Work instruction: For the entries below, repeat exactly each line starting with the one that contains "X -> X) (i : nat)" and going on through the one that contains "(* If no point", and no others.

Supplied records:
──────────────────────────────

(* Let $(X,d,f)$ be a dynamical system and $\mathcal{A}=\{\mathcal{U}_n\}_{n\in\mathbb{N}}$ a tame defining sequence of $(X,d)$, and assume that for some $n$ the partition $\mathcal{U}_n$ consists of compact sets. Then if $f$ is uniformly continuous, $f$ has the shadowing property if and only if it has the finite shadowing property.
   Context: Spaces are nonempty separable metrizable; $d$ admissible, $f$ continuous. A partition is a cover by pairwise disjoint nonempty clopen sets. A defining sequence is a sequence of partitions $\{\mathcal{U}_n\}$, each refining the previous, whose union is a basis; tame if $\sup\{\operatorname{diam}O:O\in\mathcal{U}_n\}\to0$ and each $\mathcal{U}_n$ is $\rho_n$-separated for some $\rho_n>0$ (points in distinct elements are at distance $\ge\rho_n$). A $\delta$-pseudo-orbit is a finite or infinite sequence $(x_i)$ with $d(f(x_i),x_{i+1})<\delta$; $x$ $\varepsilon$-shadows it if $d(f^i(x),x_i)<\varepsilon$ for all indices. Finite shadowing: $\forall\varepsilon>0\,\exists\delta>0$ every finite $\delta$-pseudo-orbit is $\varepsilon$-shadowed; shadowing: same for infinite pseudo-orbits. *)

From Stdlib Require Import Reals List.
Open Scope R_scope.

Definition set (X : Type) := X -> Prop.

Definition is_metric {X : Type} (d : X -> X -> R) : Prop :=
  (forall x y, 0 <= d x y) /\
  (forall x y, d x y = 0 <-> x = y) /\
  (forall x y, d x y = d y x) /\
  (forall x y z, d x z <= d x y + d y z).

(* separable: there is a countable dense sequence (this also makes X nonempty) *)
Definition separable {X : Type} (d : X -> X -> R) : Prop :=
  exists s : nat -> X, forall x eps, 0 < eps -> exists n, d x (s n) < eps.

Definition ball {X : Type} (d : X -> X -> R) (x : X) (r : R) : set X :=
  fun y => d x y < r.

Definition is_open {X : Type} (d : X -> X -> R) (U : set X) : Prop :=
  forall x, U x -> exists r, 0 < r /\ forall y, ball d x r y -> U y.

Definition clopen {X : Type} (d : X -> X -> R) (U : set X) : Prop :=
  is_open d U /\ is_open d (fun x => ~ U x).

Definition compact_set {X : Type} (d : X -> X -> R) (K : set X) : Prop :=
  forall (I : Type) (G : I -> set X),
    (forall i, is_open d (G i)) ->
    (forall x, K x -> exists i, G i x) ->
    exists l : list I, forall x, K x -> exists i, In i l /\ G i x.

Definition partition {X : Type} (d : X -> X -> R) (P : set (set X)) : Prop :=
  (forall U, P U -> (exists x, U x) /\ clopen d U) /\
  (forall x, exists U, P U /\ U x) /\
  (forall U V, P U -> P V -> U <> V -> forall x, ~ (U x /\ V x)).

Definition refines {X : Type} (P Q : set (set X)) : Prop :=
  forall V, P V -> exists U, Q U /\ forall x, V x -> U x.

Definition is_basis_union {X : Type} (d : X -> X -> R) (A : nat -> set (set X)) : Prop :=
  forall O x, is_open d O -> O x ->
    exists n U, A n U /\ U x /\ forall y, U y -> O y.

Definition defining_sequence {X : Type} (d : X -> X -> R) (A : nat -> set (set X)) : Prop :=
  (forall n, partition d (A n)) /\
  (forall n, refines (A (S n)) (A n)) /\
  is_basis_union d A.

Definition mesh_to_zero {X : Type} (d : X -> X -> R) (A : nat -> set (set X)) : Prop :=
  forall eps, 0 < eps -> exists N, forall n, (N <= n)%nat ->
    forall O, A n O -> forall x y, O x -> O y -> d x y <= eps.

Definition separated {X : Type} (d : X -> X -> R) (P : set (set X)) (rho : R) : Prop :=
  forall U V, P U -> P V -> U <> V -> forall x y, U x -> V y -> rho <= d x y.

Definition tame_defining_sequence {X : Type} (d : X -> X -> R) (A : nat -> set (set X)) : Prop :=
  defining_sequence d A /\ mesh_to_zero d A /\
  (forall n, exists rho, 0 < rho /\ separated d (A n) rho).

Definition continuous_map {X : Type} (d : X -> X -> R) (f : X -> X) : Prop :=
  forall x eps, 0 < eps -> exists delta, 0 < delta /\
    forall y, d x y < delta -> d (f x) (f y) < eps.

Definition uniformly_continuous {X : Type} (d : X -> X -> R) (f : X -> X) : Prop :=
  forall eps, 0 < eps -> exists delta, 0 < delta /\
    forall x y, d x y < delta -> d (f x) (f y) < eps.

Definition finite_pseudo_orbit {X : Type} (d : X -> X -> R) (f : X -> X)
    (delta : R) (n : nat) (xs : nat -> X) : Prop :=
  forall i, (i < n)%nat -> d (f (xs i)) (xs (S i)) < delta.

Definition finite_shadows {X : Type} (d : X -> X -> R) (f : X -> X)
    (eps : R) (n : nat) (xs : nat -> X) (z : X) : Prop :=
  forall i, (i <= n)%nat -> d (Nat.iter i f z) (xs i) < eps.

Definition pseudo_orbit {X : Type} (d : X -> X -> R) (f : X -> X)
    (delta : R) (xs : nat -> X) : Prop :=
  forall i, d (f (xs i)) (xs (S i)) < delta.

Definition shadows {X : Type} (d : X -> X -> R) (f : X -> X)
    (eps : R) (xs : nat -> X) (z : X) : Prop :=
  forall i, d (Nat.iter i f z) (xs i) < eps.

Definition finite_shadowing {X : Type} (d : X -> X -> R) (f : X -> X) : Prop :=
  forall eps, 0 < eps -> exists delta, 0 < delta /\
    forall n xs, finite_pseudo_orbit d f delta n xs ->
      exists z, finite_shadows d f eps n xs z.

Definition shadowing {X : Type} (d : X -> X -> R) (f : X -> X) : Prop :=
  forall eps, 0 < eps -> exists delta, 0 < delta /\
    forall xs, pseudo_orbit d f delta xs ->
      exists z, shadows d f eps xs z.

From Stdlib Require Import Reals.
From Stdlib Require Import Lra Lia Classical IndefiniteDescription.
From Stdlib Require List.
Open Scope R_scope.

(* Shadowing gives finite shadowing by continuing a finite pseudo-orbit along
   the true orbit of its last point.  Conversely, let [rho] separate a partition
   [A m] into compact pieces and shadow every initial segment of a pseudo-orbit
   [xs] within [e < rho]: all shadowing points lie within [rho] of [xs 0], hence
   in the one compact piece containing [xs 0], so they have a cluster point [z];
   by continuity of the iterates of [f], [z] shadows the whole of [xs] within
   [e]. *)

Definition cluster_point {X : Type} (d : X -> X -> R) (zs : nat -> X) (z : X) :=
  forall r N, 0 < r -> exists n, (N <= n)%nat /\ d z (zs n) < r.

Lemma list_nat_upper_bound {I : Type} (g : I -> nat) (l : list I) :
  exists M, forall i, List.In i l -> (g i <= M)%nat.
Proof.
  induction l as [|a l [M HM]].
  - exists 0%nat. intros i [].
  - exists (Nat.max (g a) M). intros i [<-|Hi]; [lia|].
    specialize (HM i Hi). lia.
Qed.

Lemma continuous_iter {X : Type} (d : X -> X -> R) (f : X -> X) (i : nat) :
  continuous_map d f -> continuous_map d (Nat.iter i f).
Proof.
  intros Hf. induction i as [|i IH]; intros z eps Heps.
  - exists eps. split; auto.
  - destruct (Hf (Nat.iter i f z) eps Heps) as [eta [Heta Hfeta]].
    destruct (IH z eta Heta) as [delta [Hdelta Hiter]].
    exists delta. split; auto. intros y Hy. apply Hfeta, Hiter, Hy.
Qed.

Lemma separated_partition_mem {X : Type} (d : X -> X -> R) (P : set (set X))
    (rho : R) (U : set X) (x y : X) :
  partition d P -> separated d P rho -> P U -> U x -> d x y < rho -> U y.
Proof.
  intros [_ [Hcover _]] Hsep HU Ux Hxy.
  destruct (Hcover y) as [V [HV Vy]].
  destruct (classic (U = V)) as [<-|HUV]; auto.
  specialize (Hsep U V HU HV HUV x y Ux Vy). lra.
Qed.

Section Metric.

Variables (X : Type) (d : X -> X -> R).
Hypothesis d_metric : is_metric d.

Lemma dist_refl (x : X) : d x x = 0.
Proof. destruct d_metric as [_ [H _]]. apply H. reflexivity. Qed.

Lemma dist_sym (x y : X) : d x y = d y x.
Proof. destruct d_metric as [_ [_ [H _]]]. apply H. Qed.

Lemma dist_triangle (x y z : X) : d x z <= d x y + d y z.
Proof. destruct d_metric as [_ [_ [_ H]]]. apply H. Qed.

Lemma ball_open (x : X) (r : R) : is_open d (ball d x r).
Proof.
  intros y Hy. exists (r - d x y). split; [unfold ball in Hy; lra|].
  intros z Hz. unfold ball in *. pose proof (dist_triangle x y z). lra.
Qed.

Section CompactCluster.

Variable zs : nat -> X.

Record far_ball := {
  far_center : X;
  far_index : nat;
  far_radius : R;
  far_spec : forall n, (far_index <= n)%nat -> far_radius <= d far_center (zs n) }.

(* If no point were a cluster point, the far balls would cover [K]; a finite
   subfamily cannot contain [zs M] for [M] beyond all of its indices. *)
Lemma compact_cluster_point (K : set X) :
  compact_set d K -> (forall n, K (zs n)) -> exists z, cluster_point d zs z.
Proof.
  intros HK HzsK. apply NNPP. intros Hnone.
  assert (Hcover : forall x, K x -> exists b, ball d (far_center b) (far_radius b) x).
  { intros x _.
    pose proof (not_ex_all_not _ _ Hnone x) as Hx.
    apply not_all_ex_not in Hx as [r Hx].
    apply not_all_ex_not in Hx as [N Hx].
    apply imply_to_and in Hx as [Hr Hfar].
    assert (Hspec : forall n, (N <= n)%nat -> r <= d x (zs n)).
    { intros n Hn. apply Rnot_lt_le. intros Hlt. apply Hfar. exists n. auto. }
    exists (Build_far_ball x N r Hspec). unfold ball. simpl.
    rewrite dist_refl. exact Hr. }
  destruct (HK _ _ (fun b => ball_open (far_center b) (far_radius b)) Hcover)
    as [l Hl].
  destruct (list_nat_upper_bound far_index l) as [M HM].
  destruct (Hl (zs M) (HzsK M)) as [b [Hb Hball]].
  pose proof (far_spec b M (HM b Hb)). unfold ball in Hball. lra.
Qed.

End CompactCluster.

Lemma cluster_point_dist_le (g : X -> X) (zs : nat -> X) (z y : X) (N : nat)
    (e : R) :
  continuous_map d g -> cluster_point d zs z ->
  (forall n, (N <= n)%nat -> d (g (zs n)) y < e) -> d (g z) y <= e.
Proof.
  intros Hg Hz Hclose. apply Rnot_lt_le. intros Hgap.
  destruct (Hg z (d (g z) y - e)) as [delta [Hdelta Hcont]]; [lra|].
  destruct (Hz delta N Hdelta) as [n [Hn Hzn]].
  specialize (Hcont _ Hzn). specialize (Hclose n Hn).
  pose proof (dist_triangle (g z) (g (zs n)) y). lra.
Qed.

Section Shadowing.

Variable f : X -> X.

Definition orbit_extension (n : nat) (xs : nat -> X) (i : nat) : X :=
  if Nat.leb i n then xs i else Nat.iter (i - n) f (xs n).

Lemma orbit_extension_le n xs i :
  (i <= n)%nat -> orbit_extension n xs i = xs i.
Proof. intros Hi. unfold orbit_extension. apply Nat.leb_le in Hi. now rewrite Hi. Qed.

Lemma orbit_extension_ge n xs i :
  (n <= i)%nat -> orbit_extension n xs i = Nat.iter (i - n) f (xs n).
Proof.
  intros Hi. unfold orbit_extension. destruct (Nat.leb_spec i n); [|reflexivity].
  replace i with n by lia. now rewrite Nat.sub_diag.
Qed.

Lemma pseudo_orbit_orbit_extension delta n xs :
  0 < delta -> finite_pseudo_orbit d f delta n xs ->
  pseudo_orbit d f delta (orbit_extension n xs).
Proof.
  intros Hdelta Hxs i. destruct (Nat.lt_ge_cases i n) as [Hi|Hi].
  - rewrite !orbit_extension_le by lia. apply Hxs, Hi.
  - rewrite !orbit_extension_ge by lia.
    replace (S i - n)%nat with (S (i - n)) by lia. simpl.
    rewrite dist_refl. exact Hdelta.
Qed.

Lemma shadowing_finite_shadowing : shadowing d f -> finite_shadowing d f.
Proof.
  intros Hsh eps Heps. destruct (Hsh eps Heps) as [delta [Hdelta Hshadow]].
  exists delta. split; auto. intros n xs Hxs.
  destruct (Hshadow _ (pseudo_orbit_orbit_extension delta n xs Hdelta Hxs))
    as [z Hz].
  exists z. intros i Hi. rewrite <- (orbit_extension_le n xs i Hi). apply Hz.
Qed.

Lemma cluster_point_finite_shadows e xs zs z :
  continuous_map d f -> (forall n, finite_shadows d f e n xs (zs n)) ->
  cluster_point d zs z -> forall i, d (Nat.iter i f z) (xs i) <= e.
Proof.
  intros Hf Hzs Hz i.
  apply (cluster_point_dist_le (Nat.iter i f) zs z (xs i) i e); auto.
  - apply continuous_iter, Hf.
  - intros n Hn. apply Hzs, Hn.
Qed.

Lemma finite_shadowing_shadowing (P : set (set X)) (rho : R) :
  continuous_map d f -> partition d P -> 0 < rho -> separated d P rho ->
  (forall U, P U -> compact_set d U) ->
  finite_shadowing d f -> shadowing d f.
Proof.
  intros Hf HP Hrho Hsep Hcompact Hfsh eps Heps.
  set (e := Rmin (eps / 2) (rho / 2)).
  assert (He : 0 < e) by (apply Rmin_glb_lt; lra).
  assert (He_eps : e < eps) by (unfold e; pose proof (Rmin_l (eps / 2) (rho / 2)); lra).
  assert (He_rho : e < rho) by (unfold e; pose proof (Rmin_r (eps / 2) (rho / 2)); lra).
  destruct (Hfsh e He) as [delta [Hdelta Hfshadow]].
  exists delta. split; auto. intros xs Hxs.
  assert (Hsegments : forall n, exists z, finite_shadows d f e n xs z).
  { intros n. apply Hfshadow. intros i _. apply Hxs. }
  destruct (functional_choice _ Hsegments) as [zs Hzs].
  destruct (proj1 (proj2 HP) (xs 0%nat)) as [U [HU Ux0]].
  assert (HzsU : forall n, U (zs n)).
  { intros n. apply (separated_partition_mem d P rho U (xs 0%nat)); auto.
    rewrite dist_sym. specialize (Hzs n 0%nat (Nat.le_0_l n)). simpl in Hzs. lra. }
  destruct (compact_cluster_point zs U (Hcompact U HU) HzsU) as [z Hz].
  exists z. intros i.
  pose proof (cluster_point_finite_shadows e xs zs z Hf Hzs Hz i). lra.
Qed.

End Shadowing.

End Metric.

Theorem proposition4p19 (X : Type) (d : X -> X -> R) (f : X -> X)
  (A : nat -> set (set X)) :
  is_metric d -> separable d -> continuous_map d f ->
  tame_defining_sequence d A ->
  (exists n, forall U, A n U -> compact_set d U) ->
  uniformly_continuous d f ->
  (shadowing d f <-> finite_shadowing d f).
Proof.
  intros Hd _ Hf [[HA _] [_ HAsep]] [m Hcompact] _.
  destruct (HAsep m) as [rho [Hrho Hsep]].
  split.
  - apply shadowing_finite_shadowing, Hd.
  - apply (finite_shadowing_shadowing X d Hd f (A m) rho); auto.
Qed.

──────────────────────────────

Written answer:
Lemma continuous_iter {X : Type} (d : X -> X -> R) (f : X -> X) (i : nat) :
  continuous_map d f -> continuous_map d (Nat.iter i f).
Proof.
  intros Hf. induction i as [|i IH]; intros z eps Heps.
  - exists eps. split; auto.
  - destruct (Hf (Nat.iter i f z) eps Heps) as [eta [Heta Hfeta]].
    destruct (IH z eta Heta) as [delta [Hdelta Hiter]].
    exists delta. split; auto. intros y Hy. apply Hfeta, Hiter, Hy.
Qed.

Lemma separated_partition_mem {X : Type} (d : X -> X -> R) (P : set (set X))
    (rho : R) (U : set X) (x y : X) :
  partition d P -> separated d P rho -> P U -> U x -> d x y < rho -> U y.
Proof.
  intros [_ [Hcover _]] Hsep HU Ux Hxy.
  destruct (Hcover y) as [V [HV Vy]].
  destruct (classic (U = V)) as [<-|HUV]; auto.
  specialize (Hsep U V HU HV HUV x y Ux Vy). lra.
Qed.

Section Metric.

Variables (X : Type) (d : X -> X -> R).
Hypothesis d_metric : is_metric d.

Lemma dist_refl (x : X) : d x x = 0.
Proof. destruct d_metric as [_ [H _]]. apply H. reflexivity. Qed.

Lemma dist_sym (x y : X) : d x y = d y x.
Proof. destruct d_metric as [_ [_ [H _]]]. apply H. Qed.

Lemma dist_triangle (x y z : X) : d x z <= d x y + d y z.
Proof. destruct d_metric as [_ [_ [_ H]]]. apply H. Qed.

Lemma ball_open (x : X) (r : R) : is_open d (ball d x r).
Proof.
  intros y Hy. exists (r - d x y). split; [unfold ball in Hy; lra|].
  intros z Hz. unfold ball in *. pose proof (dist_triangle x y z). lra.
Qed.

Section CompactCluster.

Variable zs : nat -> X.

Record far_ball := {
  far_center : X;
  far_index : nat;
  far_radius : R;
  far_spec : forall n, (far_index <= n)%nat -> far_radius <= d far_center (zs n) }.

(* If no point were a cluster point, the far balls would cover [K]; a finite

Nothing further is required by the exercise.